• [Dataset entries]
______________________________

(* Let $l\in\mathbb{N}$ and for each $i\in\{1,\dots,l\}$ let $S_i$ be a countable adequate commutative partial semigroup and let $\langle y_{i,n}\rangle_{n=1}^{\infty}$ be an adequate sequence in $S_i$. Let $C$ be an $IP^{\star}$ set in $T=S_1\times\cdots\times S_l$ and let $m\in\mathbb{N}$. Then for each $i\in\{1,\dots,l\}$ there is a weak product subsystem $\langle x_{i,n}\rangle_{n=1}^{m}$ of $\langle y_{i,n}\rangle_{n=1}^{\infty}$ such that \[ FS(\langle x_{1,n}\rangle_{n=1}^{m})\times\cdots\times FS(\langle x_{l,n}\rangle_{n=1}^{m})\subseteq C . \]
   Context: A partial semigroup $(S,+)$ is a set with a map $+$ from a subset of $S\times S$ to $S$ such that $(a+b)+c=a+(b+c)$ whenever either side is defined (then both are defined and equal); it is commutative if $a+b$ is defined iff $b+a$ is, and then they are equal. For $s\in S$, $\varphi(s)=\{t: s+t\text{ defined}\}$; for finite nonempty $H\subseteq S$, $\sigma(H)=\bigcap_{s\in H}\varphi(s)$; $S$ is adequate if all $\sigma(H)\ne\emptyset$. On $T=S_1\times\cdots\times S_l$, $\bar a+\bar b$ is defined iff $a_i+b_i$ is defined for every $i$, and then equals $(a_1+b_1,\dots,a_l+b_l)$. For a partial semigroup $S$: $\beta S$ is the space of ultrafilters on $S$; $\delta S=\{p\in\beta S:\varphi(x)\in p \text{ for all } x\in S\}$; for $p,q\in\delta S$, $A\in p+q$ iff $\{x\in S: -x+A\in q\}\in p$, where $-x+A=\{y\in\varphi(x): x+y\in A\}$; this makes $\delta S$ a semigroup. A set $C\subseteq S$ is $IP^{\star}$ if $C\in p$ for every idempotent $p=p+p$ in $\delta S$. A sequence $\langle y_n\rangle_{n=1}^\infty$ is adequate if all finite sums $\sum_{n\in F}y_n$ are defined and for every finite nonempty $H\subseteq S$ there is $m$ with all sums $\sum_{n\in F}y_n$, $F\subseteq\{m,m+1,\dots\}$ finite nonempty, lying in $\sigma(H)$. $\langle x_n\rangle_{n=1}^{m}$ is a weak product subsystem of $\langle y_n\rangle_{n=1}^{\infty}$ if there are pairwise disjoint finite nonempty $H_1,\dots,H_m\subseteq\mathbb{N}$ with $x_n=\sum_{t\in H_n}y_t$ for each $n$. $FS(\langle x_n\rangle_{n=1}^{m})=\{\sum_{n\in F}x_n: \emptyset\ne F\subseteq\{1,\dots,m\}\}$. *)

From Stdlib Require List.
From mathcomp Require Import all_boot.
Set Implicit Arguments. Unset Strict Implicit. Unset Printing Implicit Defensive.

(* A partial semigroup: carrier, definedness relation [pdef a b] ("a+b is
   defined") and a total function [padd] whose value matters only when
   [pdef a b] holds. *)
Record psg := PSG { car :> Type; pdef : car -> car -> Prop; padd : car -> car -> car }.

Section PSG.
Variable S : psg.
Local Notation D := (@pdef S).
Local Notation "a +' b" := (@padd S a b) (at level 50, left associativity).

Definition is_partial_semigroup : Prop :=
  forall a b c : S,
    ((D a b /\ D (a +' b) c) \/ (D b c /\ D a (b +' c))) ->
    D a b /\ D (a +' b) c /\ D b c /\ D a (b +' c) /\ (a +' b) +' c = a +' (b +' c).

Definition is_commutative : Prop :=
  forall a b : S, (D a b <-> D b a) /\ (D a b -> a +' b = b +' a).

Definition phi (s : S) : S -> Prop := fun t => D s t.
Definition sigma (H : seq S) : S -> Prop := fun t => forall s, List.In s H -> phi s t.

Definition adequate : Prop :=
  forall H : seq S, H <> [::] -> exists t, sigma H t.

Definition countable_psg : Prop := exists f : S -> nat, injective f.

Fixpoint lsum (x : S) (l : seq S) : S :=
  match l with [::] => x | y :: l' => x +' lsum y l' end.
Fixpoint lsum_def (x : S) (l : seq S) : Prop :=
  match l with [::] => True | y :: l' => lsum_def y l' /\ D x (lsum y l') end.

(* finite nonempty index sets F subset of nat are represented by strictly
   increasing nonempty lists; sum_{n in F} y_n in increasing order of n *)
Definition idxset (F : seq nat) : Prop := F <> [::] /\ sorted ltn F.
Definition fsum (y : nat -> S) (F : seq nat) : S :=
  match F with [::] => y 0 | f :: F' => lsum (y f) (map y F') end.
Definition fsum_def (y : nat -> S) (F : seq nat) : Prop :=
  match F with [::] => False | f :: F' => lsum_def (y f) (map y F') end.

______________________________

• [Try it]
Write down, word for word, the lines above from the one containing "Local Notation D := (@pdef S)." through the one containing "Definition is_commutative : Prop", both ends included.

• [Output]
Local Notation D := (@pdef S).
Local Notation "a +' b" := (@padd S a b) (at level 50, left associativity).

Definition is_partial_semigroup : Prop :=
  forall a b c : S,
    ((D a b /\ D (a +' b) c) \/ (D b c /\ D a (b +' c))) ->
    D a b /\ D (a +' b) c /\ D b c /\ D a (b +' c) /\ (a +' b) +' c = a +' (b +' c).

Definition is_commutative : Prop :=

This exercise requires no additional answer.